Grain Alpha-Pit traders needed

Discussion in 'Professional Trading' started by zf trader, Dec 12, 2005.

  1. I just got a call from a friend of my from Leftbridge Alberta. He is heading up a group of farmers who have formed a marketing group. I have suggested that they use the "portable alpha" approach. That is that they lock in the price of the crop for 95% of their cash flows and use 5% of cash flows as margin for a trading account that would attempt to outperform their static hedge of short grain futures and long Canadian dollars.

    To find this alpha for grains capital needs to be placed with someone in the pits who pays member rates. Does anyone know of a hedge fund or CTA or someone else who can generate alpha in down grain markets. Someone who trades a long gamma strategy would be preferable. It would also be better if they didn't get short theta.

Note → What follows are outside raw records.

(* Let $\alpha\in(0,1)$, $a_1,a_2\in\mathbb{R}$, and let $A$ be the $N\times N$ matrix defined below with $a_0=a_2$ (symmetric case). Let $R_N$ denote the set of points $(a_2,a_1)\in\mathbb{R}^2$ for which every eigenvalue $\lambda$ of $A$ (all of which are real) satisfies $1-2^{\alpha}<\lambda<1$. Then: (i) if $N\ge 2$ is even, $R_N$ is the open interior of the quadrilateral with vertices $Q_1=(0,1)$, $Q_2=\left(-2^{\alpha-2},\,2^{\alpha-1}+1-2^{\alpha}\right)$, $Q_3=(0,1-2^{\alpha})$, $Q_4=\left(2^{\alpha-2},\,1-2^{\alpha-1}\right)$; (ii) if $N\ge 3$ is odd, $R_N$ is the open interior of the quadrilateral with vertices $Q_1=(0,1)$, $Q_2'=\left(-\frac{2^{\alpha-1}}{1+\cos(\pi/N)},\,\frac{2^{\alpha}}{1+\cos(\pi/N)}+1-2^{\alpha}\right)$, $Q_3=(0,1-2^{\alpha})$, $Q_4'=\left(\frac{2^{\alpha-1}}{1+\cos(\pi/N)},\,1-\frac{2^{\alpha}}{1+\cos(\pi/N)}\right)$. (Here points are written in the $a_2a_1$-plane, first coordinate $a_2$, second coordinate $a_1$.) Consequently $R_N$ is the stable region of the zero solution of the linear fractional coupled map lattice with this $A$.
   Context: Fractional-order linear coupled map lattice: for $\alpha\in(0,1)$, $X_{t+1}=X_0+\sum_{j=0}^{t}\frac{\Gamma(t-j+\alpha)}{\Gamma(\alpha)\Gamma(t-j+1)}(A-I)X_j$, $X_t\in\mathbb{R}^N$. Connectivity matrix for $N\ge 3$: $A$ is the $N\times N$ circulant matrix with $A_{k,k}=a_1$, $A_{k,k+1}=a_2$, $A_{k,k-1}=a_0$ (indices taken modulo $N$, i.e. periodic boundary conditions: $A_{1,N}=a_0$, $A_{N,1}=a_2$), all other entries $0$; for $N=2$, $A=\begin{pmatrix}a_1&a_0+a_2\\ a_0+a_2&a_1\end{pmatrix}$; for $N=1$, $A=(a_0+a_1+a_2)$. Stability criterion used to define ''stable region'': the zero solution is asymptotically stable exactly when every eigenvalue of $A$ lies in the open region enclosed by the curve $\beta(t)=1+e^{it}(1-e^{-it})^{\alpha}$, $0\le t\le 2\pi$ (principal branch), and a real number lies in this region iff it lies in $(1-2^{\alpha},1)$. *)

From HB Require Import structures.
From mathcomp Require Import all_boot all_order all_algebra.
From mathcomp Require Import all_classical all_reals all_analysis.
Set Implicit Arguments. Unset Strict Implicit. Unset Printing Implicit Defensive.
Import Order.TTheory GRing.Theory Num.Theory.
Import numFieldNormedType.Exports.
Local Open Scope ring_scope.
Local Open Scope classical_set_scope.

Definition cml_matrix (R : pzRingType) (N : nat) (a0 a1 a2 : R) : 'M[R]_N :=
  \matrix_(i < N, j < N)
    if (3 <= N)%N then
      (if (j : nat) == i then a1
       else if (j : nat) == (i.+1 %% N)%N then a2
       else if (j : nat) == ((i + N).-1 %% N)%N then a0
       else 0)
    else if N == 2%N then (if (i : nat) == j then a1 else a0 + a2)
    else a0 + a1 + a2.

Definition RN (R : realType) (alpha : R) (N : nat) : set (R * R) :=
  [set p | forall lambda : R,
      eigenvalue (cml_matrix N p.1 p.2 p.1) lambda ->
      1 - 2 `^ alpha < lambda < 1].

Definition quadrilateral (R : realType) (P1 P2 P3 P4 : R * R) : set (R * R) :=
  [set p | exists t1 t2 t3 t4 : R,
      [/\ [/\ 0 <= t1, 0 <= t2, 0 <= t3 & 0 <= t4],
          t1 + t2 + t3 + t4 = 1,
          p.1 = t1 * P1.1 + t2 * P2.1 + t3 * P3.1 + t4 * P4.1 &
          p.2 = t1 * P1.2 + t2 * P2.2 + t3 * P3.2 + t4 * P4.2]].

(* The symmetric lattice matrix A is circulant, so for theta_k = 2 pi k / N every
   column j |-> cos (j theta_k + psi) is an eigenvector for a1 + 2 a2 cos theta_k;
   discrete Fourier inversion shows that these are all the eigenvalues.  Being affine
   in cos theta_k, they all lie in (1 - 2^alpha, 1) iff the two extreme ones do:
   cos theta_k is largest (= 1) at k = 0 and smallest at k = N/2 (rounded down), where
   it equals -1 for N even and -cos (pi / N) for N odd.  The two extreme conditions
   cut out an open parallelogram in the (a2, a1)-plane: the interior of the
   quadrilateral. *)

From HB Require Import structures.
From mathcomp Require Import all_boot all_order all_algebra.
From mathcomp Require Import all_classical all_reals all_analysis.
From mathcomp Require Import ring lra zify.
Import Order.TTheory GRing.Theory Num.Theory.
Import numFieldNormedType.Exports.
Local Open Scope classical_set_scope.
Local Open Scope ring_scope.

Lemma succ_modn (N i : nat) : (i < N)%N ->
  (i.+1 %% N = if (i.+1 < N)%N then i.+1 else 0)%N.
Proof.
move=> ltiN; case: ltnP => leNi; first by rewrite modn_small.
have -> : i.+1 = N by lia.
by rewrite modnn.
Qed.

Lemma pred_modn (N i : nat) : (i < N)%N ->
  ((i + N).-1 %% N = if (0 < i)%N then i.-1 else N.-1)%N.
Proof.
move=> ltiN; case: ltnP => [i_gt0 | lei0].
  have -> : (i + N).-1 = (i.-1 + N)%N by lia.
  by rewrite modnDr modn_small //; lia.
have -> : i = 0%N by lia.
by rewrite add0n modn_small //; lia.
Qed.

Lemma eigenvalue_col_sym {F : fieldType} {n : nat} {M : 'M[F]_n} {c : 'cV_n} {mu : F} :
  M^T = M -> M *m c = mu *: c -> c != 0 -> eigenvalue M mu.
Proof.
move=> symM Mc c_neq0; apply/eigenvalueP; exists c^T; last by rewrite trmx_eq0.
by rewrite -[in LHS]symM -trmx_mul Mc linearZ.
Qed.

Lemma left_right_eigen_mulmx_eq0 {F : fieldType} {n : nat} {M : 'M[F]_n}
    {v : 'rV_n} {c : 'cV_n} {lam mu : F} :
  v *m M = lam *: v -> M *m c = mu *: c -> lam != mu -> v *m c = 0.
Proof.
move=> vM Mc; rewrite -subr_eq0 => lam_neq_mu.
have : (lam - mu) *: (v *m c) = 0.
  by rewrite scalerBl scalemxAl -vM scalemxAr -Mc mulmxA subrr.
by move/eqP; rewrite scaler_eq0 (negbTE lam_neq_mu) => /eqP.
Qed.

Lemma sin_mul_sum_cos {R : realType} (h : R) (n : nat) :
  2 * sin h * \sum_(k < n) cos (k%:R * (h *+ 2)) = sin (n%:R * (h *+ 2) - h) + sin h.
Proof.
elim: n => [|n IHn]; first by rewrite big_ord0 mulr0 mul0r sub0r sinN addNr.
rewrite big_ord_recr /= mulrDr IHn.
have -> : n.+1%:R * (h *+ 2) - h = n%:R * (h *+ 2) + h by rewrite -natr1; ring.
by rewrite !sinD cosN sinN; ring.
Qed.

Lemma ler_cos {R : realType} : {in `[0, pi] &, {mono (@cos R) : x y /~ y <= x}}.
Proof. by move=> x y x_in y_in; rewrite !leNgt ltr_cos. Qed.

Definition unity_angle (R : realType) (N k : nat) : R := pi *+ 2 * k%:R / N%:R.

Definition fourier_col {R : realType} (N : nat) (theta psi : R) : 'cV[R]_N :=
  \col_(j < N) cos (j%:R * theta + psi).

Section UnityAngle.
Variables (R : realType) (N : nat).
Hypothesis N_gt0 : (0 < N)%N.
Local Notation theta := (unity_angle R N).

Let N_neq0 : N%:R != 0 :> R. Proof. by rewrite pnatr_eq0 -lt0n. Qed.

Lemma natr_mul_unity_angle (k : nat) : N%:R * theta k = pi *+ 2 *+ k.
Proof. by rewrite /unity_angle -mulr_natr; field. Qed.

Lemma cos_modn_unity_angle (n k : nat) (psi : R) :
  cos ((n %% N)%N%:R * theta k + psi) = cos (n%:R * theta k + psi).
Proof.
have -> : n%:R * theta k = (n %% N)%N%:R * theta k + pi *+ 2 *+ (k * (n %/ N)).
  by rewrite [in LHS](divn_eq n N) natrD natrM mulrDl -mulrA natr_mul_unity_angle; ring.
by rewrite addrAC (periodicn (@cosD2pi R)).
Qed.

Lemma sum_cos_unity_angle (m : nat) : (0 < m < N)%N ->
  \sum_(k < N) cos (k%:R * theta m) = 0.
Proof.
case/andP => m_gt0 ltmN.
pose h : R := pi * m%:R / N%:R.
have sin_h_gt0 : 0 < sin h.
  apply: sin_gt0_pi; apply/andP; split.
    by rewrite /h divr_gt0 ?mulr_gt0 ?pi_gt0 ?ltr0n.
  by rewrite /h ltr_pdivrMr ?ltr0n // ltr_pM2l ?pi_gt0 // ltr_nat.
have theta_m : theta m = h *+ 2 by rewrite /unity_angle /h; ring.
have := sin_mul_sum_cos h N.
rewrite -theta_m natr_mul_unity_angle [_ - h]addrC (periodicn (@sinD2pi R)) sinN addNr.
by move/eqP; rewrite !mulf_eq0 pnatr_eq0 (gt_eqF sin_h_gt0) /= => /eqP.
Qed.

Lemma sum_cos_unity_angle_sub (i l : nat) : (i < N)%N -> (l < N)%N ->
  \sum_(k < N) cos (i%:R * theta k - l%:R * theta k) = (i == l)%:R * N%:R.
Proof.
move=> ltiN ltlN; case: ltngtP => [ltil | ltli | ->]; rewrite ?mul0r.
- rewrite -[RHS](@sum_cos_unity_angle (l - i)) ?subn_gt0 ?ltil //=; last by lia.
  apply: eq_bigr => k _; rewrite -cosN /unity_angle natrB 1?ltnW //; congr cos; ring.
- rewrite -[RHS](@sum_cos_unity_angle (i - l)) ?subn_gt0 ?ltli //=; last by lia.
  apply: eq_bigr => k _; rewrite /unity_angle natrB 1?ltnW //; congr cos; ring.
- by under eq_bigr => k _ do rewrite subrr cos0; rewrite sumr_const card_ord mul1r.
Qed.

Lemma fourier_inversion (v : 'rV[R]_N) (l : 'I_N) :
  N%:R * v 0 l = \sum_(k < N) (v *m fourier_col N (theta k) (- (l%:R * theta k))) 0 0.
Proof.
have dot_col k : (v *m fourier_col N (theta k) (- (l%:R * theta k))) 0 0 =
    \sum_(i < N) v 0 i * cos (i%:R * theta k - l%:R * theta k).
  by rewrite mxE; apply: eq_bigr => i _; rewrite mxE.
under eq_bigr => k _ do rewrite dot_col.
rewrite exchange_big /=.
under eq_bigr => i _ do rewrite -mulr_sumr sum_cos_unity_angle_sub //.
rewrite (bigD1 l) //= eqxx mul1r mulrC big1 ?addr0 // => i /negbTE neq_il.
by rewrite -val_eqE in neq_il; rewrite neq_il mul0r mulr0.
Qed.

Lemma unity_angle_ge0 (k : nat) : 0 <= theta k.
Proof.
by rewrite /unity_angle divr_ge0 ?ler0n // mulr_ge0 ?ler0n // mulrn_wge0 // pi_ge0.
Qed.

Lemma unity_angle_gt0 (k : nat) : (0 < k)%N -> 0 < theta k.
Proof.
move=> k_gt0.
by rewrite /unity_angle divr_gt0 ?ltr0n // mulr_gt0 ?ltr0n // mulrn_wgt0 // pi_gt0.
Qed.

Lemma ler_unity_angle : {homo theta : k m / (k <= m)%N >-> k <= m}.
Proof.
move=> k m le_km; rewrite /unity_angle ler_pM2r ?invr_gt0 ?ltr0n //.
by rewrite ler_pM2l ?ler_nat // mulrn_wgt0 ?pi_gt0.
Qed.

Lemma unity_angle_le_pi (k : nat) : (k.*2 <= N)%N -> theta k <= pi.
Proof.
move=> le_2k_N; rewrite /unity_angle ler_pdivrMr ?ltr0n // -(mulr_natr pi 2) -mulrA.
by rewrite ler_pM2l ?pi_gt0 // -natrM ler_nat mul2n.
Qed.

Lemma cos_unity_angle_subn (k : nat) : (k <= N)%N -> cos (theta (N - k)) = cos (theta k).
Proof.
move=> le_kN; rewrite -[RHS]cosN -[RHS](periodicn (@cosD2pi R) 1).
by congr cos; rewrite /unity_angle natrB //; field.
Qed.

Lemma cos_unity_angle_half_le (k : nat) : (k < N)%N -> cos (theta N./2) <= cos (theta k).
Proof.
suff half_le m : (m <= N./2)%N -> cos (theta N./2) <= cos (theta m).
  move=> ltkN; case: (leqP k N./2) => [|lt_half_k]; first exact: half_le.
  rewrite -(@cos_unity_angle_subn k (ltnW ltkN)); apply: half_le.
  by move: lt_half_k; rewrite geq_half_double ltn_half_double -!addnn; lia.
move=> le_m_half; have theta_in j : (j <= N./2)%N -> theta j \in `[0, pi].
  by rewrite geq_half_double in_itv /= unity_angle_ge0 => /unity_angle_le_pi.
by rewrite ler_cos ?theta_in ?ler_unity_angle.
Qed.

Lemma unity_angle_half_even : ~~ odd N -> theta N./2 = pi.
Proof.
move=> /even_halfK N_eq; have Nr : N%:R = 2 * (N./2)%:R :> R.
  by rewrite -[in LHS]N_eq -mul2n natrM.
rewrite /unity_angle Nr; field.
by apply: contra N_neq0 => /eqP h0; rewrite Nr h0 mulr0.
Qed.

Lemma unity_angle_half_odd : odd N -> theta N./2 = pi - pi / N%:R.
Proof.
move=> oddN; have Nr : N%:R = 1 + 2 * (N./2)%:R :> R.
  by rewrite -[in LHS](odd_double_half N) oddN -mul2n natrD natrM.
by rewrite /unity_angle Nr; field; rewrite -Nr.
Qed.

Lemma cos_unity_angle_half_lt1 : (2 <= N)%N -> cos (theta N./2) < 1.
Proof.
rewrite -half_gt0 => half_gt0; have le_half_half := leqnn N./2.
rewrite geq_half_double in le_half_half.
rewrite -cos0 ltr_cos ?in_itv /= ?lexx ?pi_ge0 ?unity_angle_ge0 ?unity_angle_le_pi //.
exact: unity_angle_gt0.
Qed.

End UnityAngle.

Section CmlSpectrum.
Variables (R : realType) (N : nat) (a1 a2 : R).
Hypothesis N_ge2 : (2 <= N)%N.
Local Notation A := (cml_matrix N a2 a1 a2).
Local Notation theta := (unity_angle R N).

Let N_gt0 : (0 < N)%N. Proof. by rewrite (leq_trans _ N_ge2). Qed.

    Finding alpha for $C should be easier as a great deal of the trade is electronic. Any help in pointing me in the direction of someone who could do this for me would be appreciated
  2. will2205


    What kind of grain are we talking about here?
  3. mcurto


  4. will2205


    Wheat, corn, beans?
  5. Thanks guys.
    They grow a lot of feed barley in Lethbridge. There is even a future for Lethbridge delivery on Winnipeg. They also grow alot of wheat and I am trying to get more information on types and usage. I farm in Ontario and things are different out west.

    They also grow pulse crops in the area but the hedging mechanism would involve OTC trading.
  6. will2205


    If they're growing spring wheat bring you business to minneapolis.
  7. ellokn


    You might want to contact the folks at the Winnipeg Grain Exchange.

    They will be happy to talk to you and neutral.
  8. I know one top notch market mind that would know of some people.

    Howard Simons is a tremendous resource for both delta hedging, and dynamic hedging and knowing the top commodity folks in the business.

    contact him at

    He may be able to help you. If not read his book, he shows over 200 ways to hedge corn and shows you how to determine the best hedge.
  9. Oh God! The dreaded "Texas Hedge"! The farmers should keep 95% of their pooled money for hedging their crops and merely use the remaining 5% to buy deep-out-of-the-money August Soybean call options at the end of March. If a "weather market" develops, the calls will explode in value and provide the "gravy" that the farmers are looking for once every 3 or 4 years.